Benjamin Bryant, Pebble’s analytics lead, explained the service’s appeal in a statement:

As a rapidly growing wearables company in a new space, we need very customizable analytics to connect software and hardware interactions with user experience. Keen IO’s platform gives our data team the flexibility, scale and future-proofness we need to gain critical insights. We get to focus on metrics and data science, because we’re abstracted away from the headaches of maintenance around streaming big-data.

According to Kador, Pebble started out with initial questions like what types of customers were landing on the page, which ads worked best and which techniques helped convert visitors into paying customers.

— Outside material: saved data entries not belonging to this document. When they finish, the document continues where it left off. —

Lemma outflow_ge_super {x} :
  u x <= T -> vm x * (u x `^ p * grad x `^ (m - 1)) <= outflow x.
Proof.
move=> uxT.
have trunc_le : \sum_(y <- nb x) mu x y * spow m (utrunc y - utrunc x)
    <= vm x * mlap nb mu m u x.
  rewrite vmeas_mlap; apply: ler_sum => y _; rewrite ler_wpM2l ?mu_ge0 //.
  by apply: (ler_spow m_gt1); rewrite (utrunc_id uxT) lerD2r utrunc_le_u.
have -> : outflow x = - \sum_(y <- nb x) mu x y * spow m (utrunc y - utrunc x).
  by rewrite -sumrN; apply: eq_bigr => y _; rewrite -mulrN -spowN opprB.
rewrite lerNr; apply: le_trans trunc_le _.
by rewrite -mulrN ler_wpM2l ?vmeas_ge0 //; have := u_super x; lra.
Qed.

Lemma outflow_ge0 x : 0 <= outflow x.
Proof.
have [uxT|Tux] := lerP (u x) T.
  apply: le_trans _ (outflow_ge_super uxT).
  by rewrite !mulr_ge0 ?vmeas_ge0 ?powR_ge0.
apply: sumr_ge0 => y _; rewrite mulr_ge0 ?mu_ge0 ?(spow_ge0 m_gt1) //.
by rewrite /utrunc (min_r (ltW Tux)) subr_ge0 utrunc_le_T.
Qed.

Definition edge_const := Num.sqrt (p0^-1 / 2).

Lemma edge_const_gt0 : 0 < edge_const.
Proof. by rewrite sqrtr_gt0 divr_gt0 ?invr_gt0. Qed.

Definition flux_cap y := if u y < T then (grad y / edge_const) `^ (m - 1) else 0.

Lemma flux_cap_ge0 y : 0 <= flux_cap y.
Proof. by rewrite /flux_cap; case: ifP => // _; apply: powR_ge0. Qed.

Lemma edge_flux_le_cap x y :
  y \in nb x -> spow m (utrunc x - utrunc y) <= flux_cap y.
Proof.
move=> yx; rewrite /flux_cap; case: ifPn => [uyT|]; last first.
  rewrite -leNgt => Tuy; apply: (spow_le0 m_gt1).
  by rewrite /utrunc (min_r Tuy) subr_le0 utrunc_le_T.
rewrite -(spow_nneg m_gt1) ?divr_ge0 ?sqrtr_ge0 ?(ltW edge_const_gt0) //.
apply: (ler_spow m_gt1).
rewrite ler_pdivlMr ?edge_const_gt0 // mulrC (utrunc_id (ltW uyT)).
have xy : x \in nb y by rewrite -nb_sym.
have p0V_ge0 : 0 <= p0^-1 by rewrite invr_ge0 ltW.
apply: le_trans _ (gradn_ge_edge u p0V_ge0 xy (mu_p0 _ _ xy)).
rewrite ler_wpM2l ?(ltW edge_const_gt0) //; apply: le_trans _ (ler_norm _).
by rewrite lerD2r utrunc_le_u.
Qed.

Over time, the company began asking more questions, such as what types of apps users installed and what the on-boarding process looks like. Pebble also uses Keen IO to track which features on the watch aren’t being used so it knows whether to cut anything in future versions.

Here are some of the questions Pebble set out to answer with its analytics, as laid out in a Keen IO white paper:

  • Are users properly setting up and configuring their watches, or is the process confusing to them?
  • How many hours is each watch connected to a user’s phone per day?
  • Which features on the watch are being used most? How frequently?
  • How effective is the ordering and shipping process? Which processes could be streamlined or improved?
  • How do marketing events impact cohorts of e­commerce purchases?
  • What does the developer activity on the platform look like?
  • How many apps were downloaded per user per week?
  • What events were occurring right before the watch crashes?
  • Which, if any specific configurations correlate with watch crashes?

Keen IO views itself as one of a number of companies that are reinventing the traditional software stack for other startups. Twilio, for instance, has made telephony and communication easy through its platform and API, while Stripe has done a similar job with payments.

“We think of ourselves doing the exact same thing: solving the analytics problem with a platform and API,” Kador said. “The thing that’s really exciting is that solving the generalized analytics problem might be even harder than those two.”

The combination of big data and wearables has brought us into an age where we can glean insights from just about everything we do. As Keen IO and Pebble work together, Pebble can improve both the user experience and its own business prospects.